[Records from a data collection]
=== Section Start ===

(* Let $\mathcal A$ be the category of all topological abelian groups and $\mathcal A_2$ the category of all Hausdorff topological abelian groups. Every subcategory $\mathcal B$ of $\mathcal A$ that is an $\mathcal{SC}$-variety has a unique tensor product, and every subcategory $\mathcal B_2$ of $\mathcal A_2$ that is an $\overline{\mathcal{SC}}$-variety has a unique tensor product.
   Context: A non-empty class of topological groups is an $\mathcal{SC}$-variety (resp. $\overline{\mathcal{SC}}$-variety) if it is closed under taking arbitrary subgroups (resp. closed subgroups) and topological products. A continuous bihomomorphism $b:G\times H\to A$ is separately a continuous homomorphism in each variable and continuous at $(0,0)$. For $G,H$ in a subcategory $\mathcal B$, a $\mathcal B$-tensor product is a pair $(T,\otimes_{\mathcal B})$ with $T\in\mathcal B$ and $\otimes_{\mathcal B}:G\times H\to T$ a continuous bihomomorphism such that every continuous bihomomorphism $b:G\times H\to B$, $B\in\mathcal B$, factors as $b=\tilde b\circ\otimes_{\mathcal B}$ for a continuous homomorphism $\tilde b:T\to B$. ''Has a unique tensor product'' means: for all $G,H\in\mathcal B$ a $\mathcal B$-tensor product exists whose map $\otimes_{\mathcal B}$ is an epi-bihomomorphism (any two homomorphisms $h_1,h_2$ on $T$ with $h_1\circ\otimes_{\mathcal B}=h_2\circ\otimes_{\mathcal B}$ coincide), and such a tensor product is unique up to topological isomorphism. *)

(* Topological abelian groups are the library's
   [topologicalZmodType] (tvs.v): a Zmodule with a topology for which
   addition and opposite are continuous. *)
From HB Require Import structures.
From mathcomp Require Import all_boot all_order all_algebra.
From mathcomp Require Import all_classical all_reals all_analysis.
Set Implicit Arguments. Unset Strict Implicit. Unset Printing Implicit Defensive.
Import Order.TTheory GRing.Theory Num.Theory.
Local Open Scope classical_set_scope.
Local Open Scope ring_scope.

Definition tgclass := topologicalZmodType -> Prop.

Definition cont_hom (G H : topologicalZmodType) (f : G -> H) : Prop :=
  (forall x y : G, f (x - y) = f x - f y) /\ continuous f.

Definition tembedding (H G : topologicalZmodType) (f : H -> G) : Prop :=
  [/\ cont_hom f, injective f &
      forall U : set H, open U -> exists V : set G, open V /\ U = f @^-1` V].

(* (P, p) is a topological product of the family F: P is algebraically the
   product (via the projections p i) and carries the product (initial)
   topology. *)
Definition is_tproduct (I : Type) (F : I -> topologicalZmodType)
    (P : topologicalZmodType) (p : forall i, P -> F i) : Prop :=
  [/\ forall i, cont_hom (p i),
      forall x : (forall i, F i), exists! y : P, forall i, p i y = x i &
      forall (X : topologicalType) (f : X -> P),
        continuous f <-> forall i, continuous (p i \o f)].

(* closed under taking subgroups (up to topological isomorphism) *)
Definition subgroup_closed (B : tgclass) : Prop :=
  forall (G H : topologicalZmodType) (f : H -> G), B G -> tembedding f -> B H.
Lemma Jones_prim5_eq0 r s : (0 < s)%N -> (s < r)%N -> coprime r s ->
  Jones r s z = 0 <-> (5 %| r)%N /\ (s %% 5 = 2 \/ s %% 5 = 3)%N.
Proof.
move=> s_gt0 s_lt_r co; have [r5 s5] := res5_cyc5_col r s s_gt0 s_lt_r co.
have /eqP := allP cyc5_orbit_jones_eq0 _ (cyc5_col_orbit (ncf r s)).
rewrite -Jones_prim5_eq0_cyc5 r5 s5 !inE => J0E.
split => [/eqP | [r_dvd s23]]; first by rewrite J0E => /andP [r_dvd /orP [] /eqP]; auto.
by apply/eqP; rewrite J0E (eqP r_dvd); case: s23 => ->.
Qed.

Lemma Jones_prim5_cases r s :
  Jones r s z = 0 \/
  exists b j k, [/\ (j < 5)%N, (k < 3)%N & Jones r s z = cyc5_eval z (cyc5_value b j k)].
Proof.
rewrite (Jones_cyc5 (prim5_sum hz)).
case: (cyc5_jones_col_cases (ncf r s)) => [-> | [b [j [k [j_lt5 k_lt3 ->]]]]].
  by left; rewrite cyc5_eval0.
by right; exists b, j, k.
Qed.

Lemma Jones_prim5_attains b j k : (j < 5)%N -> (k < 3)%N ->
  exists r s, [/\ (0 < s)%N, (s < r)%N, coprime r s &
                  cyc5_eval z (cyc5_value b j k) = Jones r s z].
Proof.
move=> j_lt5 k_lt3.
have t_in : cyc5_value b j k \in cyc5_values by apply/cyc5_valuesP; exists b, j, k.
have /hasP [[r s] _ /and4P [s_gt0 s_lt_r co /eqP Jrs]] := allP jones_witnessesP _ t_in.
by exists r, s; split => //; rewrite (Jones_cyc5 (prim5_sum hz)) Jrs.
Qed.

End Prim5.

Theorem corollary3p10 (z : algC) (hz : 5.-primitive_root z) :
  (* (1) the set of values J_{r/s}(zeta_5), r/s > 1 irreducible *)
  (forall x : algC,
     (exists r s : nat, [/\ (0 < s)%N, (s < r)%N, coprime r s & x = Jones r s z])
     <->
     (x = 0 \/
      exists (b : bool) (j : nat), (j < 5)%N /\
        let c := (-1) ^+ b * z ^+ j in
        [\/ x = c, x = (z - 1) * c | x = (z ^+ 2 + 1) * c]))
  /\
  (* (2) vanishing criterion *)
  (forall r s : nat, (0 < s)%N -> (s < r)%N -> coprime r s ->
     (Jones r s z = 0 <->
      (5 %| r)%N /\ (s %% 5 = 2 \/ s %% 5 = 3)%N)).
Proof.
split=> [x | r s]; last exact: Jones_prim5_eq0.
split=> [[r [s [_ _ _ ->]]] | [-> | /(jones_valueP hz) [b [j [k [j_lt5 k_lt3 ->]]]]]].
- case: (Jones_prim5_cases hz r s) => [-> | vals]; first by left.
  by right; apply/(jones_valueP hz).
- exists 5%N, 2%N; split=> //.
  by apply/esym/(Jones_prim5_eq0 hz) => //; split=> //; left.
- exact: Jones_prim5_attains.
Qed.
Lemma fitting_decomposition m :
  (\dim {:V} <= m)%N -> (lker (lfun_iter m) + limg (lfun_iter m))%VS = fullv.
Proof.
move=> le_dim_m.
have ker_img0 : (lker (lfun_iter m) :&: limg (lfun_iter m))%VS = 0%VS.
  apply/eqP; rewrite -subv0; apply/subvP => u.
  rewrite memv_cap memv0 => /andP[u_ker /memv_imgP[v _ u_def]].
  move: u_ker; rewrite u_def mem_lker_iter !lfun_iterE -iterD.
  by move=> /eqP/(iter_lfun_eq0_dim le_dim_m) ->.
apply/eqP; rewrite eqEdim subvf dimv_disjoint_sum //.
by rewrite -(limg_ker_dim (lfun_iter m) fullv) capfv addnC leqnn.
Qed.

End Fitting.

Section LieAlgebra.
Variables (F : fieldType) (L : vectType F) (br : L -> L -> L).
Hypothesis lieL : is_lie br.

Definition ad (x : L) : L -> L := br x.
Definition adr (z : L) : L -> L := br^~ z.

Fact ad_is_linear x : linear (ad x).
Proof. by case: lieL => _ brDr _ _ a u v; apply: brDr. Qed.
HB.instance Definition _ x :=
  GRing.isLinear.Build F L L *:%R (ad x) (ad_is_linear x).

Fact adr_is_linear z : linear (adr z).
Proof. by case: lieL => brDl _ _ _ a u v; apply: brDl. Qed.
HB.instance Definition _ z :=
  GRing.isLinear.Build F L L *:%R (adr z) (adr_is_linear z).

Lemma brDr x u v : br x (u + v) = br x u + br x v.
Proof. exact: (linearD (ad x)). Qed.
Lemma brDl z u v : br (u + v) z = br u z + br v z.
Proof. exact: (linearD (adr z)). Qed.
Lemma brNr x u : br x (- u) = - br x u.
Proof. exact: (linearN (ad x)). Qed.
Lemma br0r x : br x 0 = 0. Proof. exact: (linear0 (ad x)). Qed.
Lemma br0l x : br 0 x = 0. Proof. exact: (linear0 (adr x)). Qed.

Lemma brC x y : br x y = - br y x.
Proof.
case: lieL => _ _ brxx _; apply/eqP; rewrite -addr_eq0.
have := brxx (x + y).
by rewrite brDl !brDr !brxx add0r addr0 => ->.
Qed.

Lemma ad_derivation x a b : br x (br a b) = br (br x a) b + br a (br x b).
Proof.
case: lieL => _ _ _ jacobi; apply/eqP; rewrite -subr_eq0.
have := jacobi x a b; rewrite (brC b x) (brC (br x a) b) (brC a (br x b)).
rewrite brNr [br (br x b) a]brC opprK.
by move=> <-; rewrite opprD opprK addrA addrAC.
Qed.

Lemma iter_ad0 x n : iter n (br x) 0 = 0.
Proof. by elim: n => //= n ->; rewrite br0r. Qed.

=== Section End ===

▸ **PROBLEM TO WORK ON**
Only the lines from the one containing "case: lieL => _ _ brxx" through the end of the entries above should be written out, exactly and in full.

▸ **SOLVED PROBLEM**
case: lieL => _ _ brxx _; apply/eqP; rewrite -addr_eq0.
have := brxx (x + y).
by rewrite brDl !brDr !brxx add0r addr0 => ->.
Qed.

Lemma ad_derivation x a b : br x (br a b) = br (br x a) b + br a (br x b).
Proof.
case: lieL => _ _ _ jacobi; apply/eqP; rewrite -subr_eq0.
have := jacobi x a b; rewrite (brC b x) (brC (br x a) b) (brC a (br x b)).
rewrite brNr [br (br x b) a]brC opprK.
by move=> <-; rewrite opprD opprK addrA addrAC.
Qed.

Lemma iter_ad0 x n : iter n (br x) 0 = 0.
Proof. by elim: n => //= n ->; rewrite br0r. Qed.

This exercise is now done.